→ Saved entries
Lemma Ck_on_pt_ccoord_psi (j m : nat) : (m < 3)%nat ->
  Ck_on 1 O (fun s => pt m (fun x y z => ccoord j (psi zeta U Phi x y z)) t1 t2 s) /\
  Ck_on 1 O (fun s => pt m (fun x y z => Cconj (ccoord j (psi zeta U Phi x y z))) t1 t2 s).
Proof.
  intros Hm.
  assert (HT : Ck_on 1 O (fun s => ccoord j (from_loc C2zero U (chart_tangent m t1 t2 s)))).
  { pose proof (C2_on_slice_pt _ t1 t2 _ m HPhi Hm).
    destruct m as [|[|[|m]]]; [| | | lia]; cbn [chart_tangent];
      apply Ck_on_ccoord_from_loc; Ck_on_auto. }
  assert (Ex : forall s, O s -> ex_pt m PhiC t1 t2 s)
    by (intros s Hs; exact (proj1 (proj1 HPhi t1 t2 s Hs m Hm))).
  pose proof (fun s Hs => pt_ccoord_psi j m t1 t2 s Hm (Ex s Hs)) as E.
  split; [apply (Ck_on_ext _ open_chart_slice _ _ _ (fun s Hs => eq_sym (proj1 (E s Hs))))
         |apply (Ck_on_ext _ open_chart_slice _ _ _ (fun s Hs => eq_sym (proj2 (E s Hs))))].
  - exact HT.
  - exact (Ck_on_conj _ _ _ HT).
Qed.

Lemma Ck_on_LambdaL : Ck_on 1 O (LambdaL zeta U Phi t1 t2).
Proof.
  cbv beta zeta delta [LambdaL pullback_coef sum2 det3]; Ck_on_auto;
    match goal with
    | |- Ck_on _ _ (pt _ (fun _ _ _ => Cconj _) _ _) =>
        refine (proj2 (Ck_on_pt_ccoord_psi _ _ _)); lia
    | |- Ck_on _ _ (pt _ _ _ _) => refine (proj1 (Ck_on_pt_ccoord_psi _ _ _)); lia
    | |- Ck_on _ _ (fun _ => rho_ddbar _ _ _) => apply Ck_on_rho_ddbar_psi; lia
    | |- Ck_on _ _ (fun _ => rho_d _ _) => apply Ck_on_S, Ck_on_rho_d_psi; lia
    end.
Qed.

Lemma Ck_on_LDelta_psi (z : C2) : Ck_on 2 O (fun s => LDelta (psi zeta U Phi t1 t2 s) z).
Proof.
  cbv beta delta [LDelta sum2]; Ck_on_auto;
    match goal with
    | |- Ck_on _ _ (fun _ => ccoord _ _) => apply Ck_on_ccoord_psi
    | |- Ck_on _ _ (fun _ => rho_d _ _) => apply Ck_on_rho_d_psi; lia
    end.
Qed.

End Slice.

End Chart.

Theorem corollary2p3
  (zeta : C2) (U : mat2) (Phi : R -> R -> R -> R) (delta : R)
  (f : C2 -> C) (z : C2)
  (* zeta in bD *)
  (Hzeta : rho zeta = 0)
  (* local coordinates: w' = U (w - zeta), U unitary, rho' := rho o (w' |-> zeta + U^* w')
     has d rho'/d v2 (0) = |grad rho(zeta)| and its other first partials vanish at 0 *)
  (HU : unitary2 U)
  (Hnormal : pdR 3 (fun w' => rho (from_loc zeta U w')) C2zero = grad_norm rho zeta /\
             forall k, (k < 3)%nat -> pdR k (fun w' => rho (from_loc zeta U w')) C2zero = 0)
  (Hdelta : 0 < delta)
  (* near zeta (on the delta-ball), bD is the graph v2 = Phi(u1,v1,u2) *)
  (Hgraph : forall w, dist2 w zeta < delta ->
     (rho w = 0 <-> Im (snd (to_loc zeta U w)) =
        Phi (Re (fst (to_loc zeta U w))) (Im (fst (to_loc zeta U w)))
            (Re (snd (to_loc zeta U w)))))
  (HPhi : C2_on (chart_dom zeta U Phi delta) (fun t1 t2 t3 => RtoC (Phi t1 t2 t3)))
  (* d LDelta / d u2 (w, z) <> 0 for w in bD, |w - zeta| < delta, |z - zeta| < delta *)
  (HdD : forall t1 t2 t3 z', chart_dom zeta U Phi delta t1 t2 t3 ->
     dist2 z' zeta < delta -> dDelta_u2 zeta U Phi z' t1 t2 t3 <> RtoC 0)
  (* f is C^1 on bD and supported in {w in bD : |w - zeta| < delta} *)
  (Hf1 : C1_on (chart_dom zeta U Phi delta) (fun t1 t2 t3 => f (psi zeta U Phi t1 t2 t3)))
  (Hfsupp : exists r, r < delta /\
     forall w, rho w = 0 -> r <= dist2 w zeta -> f w = RtoC 0)
  (* z in D, |z - zeta| < delta *)
  (Hz : rho z < 0) (Hzd : dist2 z zeta < delta) :
  cauchy_leray_chart zeta U Phi delta f z =
  int3 (restr zeta U Phi delta (fun t1 t2 t3 =>
    Cmult (Cinv (LDelta (psi zeta U Phi t1 t2 t3) z))
          (pt 2 (restr zeta U Phi delta (fun s1 s2 s3 =>
                   Cmult (f (psi zeta U Phi s1 s2 s3)) (gammaL zeta U Phi z s1 s2 s3)))
              t1 t2 t3))).
Proof.
  (* [Hzeta], [Hnormal] and [Hdelta] only describe how the chart arises. *)
  destruct U as [[a b] [c d]], Hfsupp as [r [Hr Hfr]].
  pose proof (rho_psi zeta a b c d Phi delta HU Hgraph) as Hon.
  set (U := ((a, b), (c, d))) in *.
  unfold cauchy_leray_chart, int3.
  apply (f_equal (fun h => RInt_line h)); apply functional_extensionality; intro t1.
  apply (f_equal (fun h => RInt_line h)); apply functional_extensionality; intro t2.
  apply (RInt_line_ext0_by_parts (chart_dom zeta U Phi delta t1 t2)
           (fun s => Rlt_dec (dist2 (psi zeta U Phi t1 t2 s) zeta) delta)
           (fun s => f (psi zeta U Phi t1 t2 s)) (LambdaL zeta U Phi t1 t2)
           (fun s => LDelta (psi zeta U Phi t1 t2 s) z) r).
  - apply open_chart_slice; assumption.
  - exact (C1_on_slice _ t1 t2 _ Hf1).
  - apply Ck_on_LambdaL; assumption.
  - apply Ck_on_LDelta_psi; assumption.
  - intros s Hs E.
    pose proof (LDelta_Re_ge_rho_diff (psi zeta U Phi t1 t2 s) z) as HRe.
    rewrite E, (Hon t1 t2 s Hs) in HRe; simpl in HRe; lra.
  - intros s Hs; exact (HdD t1 t2 s z Hs Hzd).
  - intros s Hs Hrs; apply Hfr; [exact (Hon t1 t2 s Hs)|].
    apply Rlt_le, (Rlt_le_trans _ _ _ Hrs), Rabs_le_dist2_psi, HU.
  - intros s Hs.
    apply (filter_imp _ _ (fun y Hfar Hy => Hfr _ (Hon t1 t2 y Hy) (Hfar Hy))).
    exact (chart_dom_complement_locally_far zeta a b c d Phi delta HU Hgraph t1 t2 r s Hr Hs).
Qed.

→ WHAT IS EXPECTED
Where in the records above does the word "HPhi" appear? Copy each line that holds it.

→ TASK RESPONSE
  { pose proof (C2_on_slice_pt _ t1 t2 _ m HPhi Hm).
    by (intros s Hs; exact (proj1 (proj1 HPhi t1 t2 s Hs m Hm))).
  (HPhi : C2_on (chart_dom zeta U Phi delta) (fun t1 t2 t3 => RtoC (Phi t1 t2 t3)))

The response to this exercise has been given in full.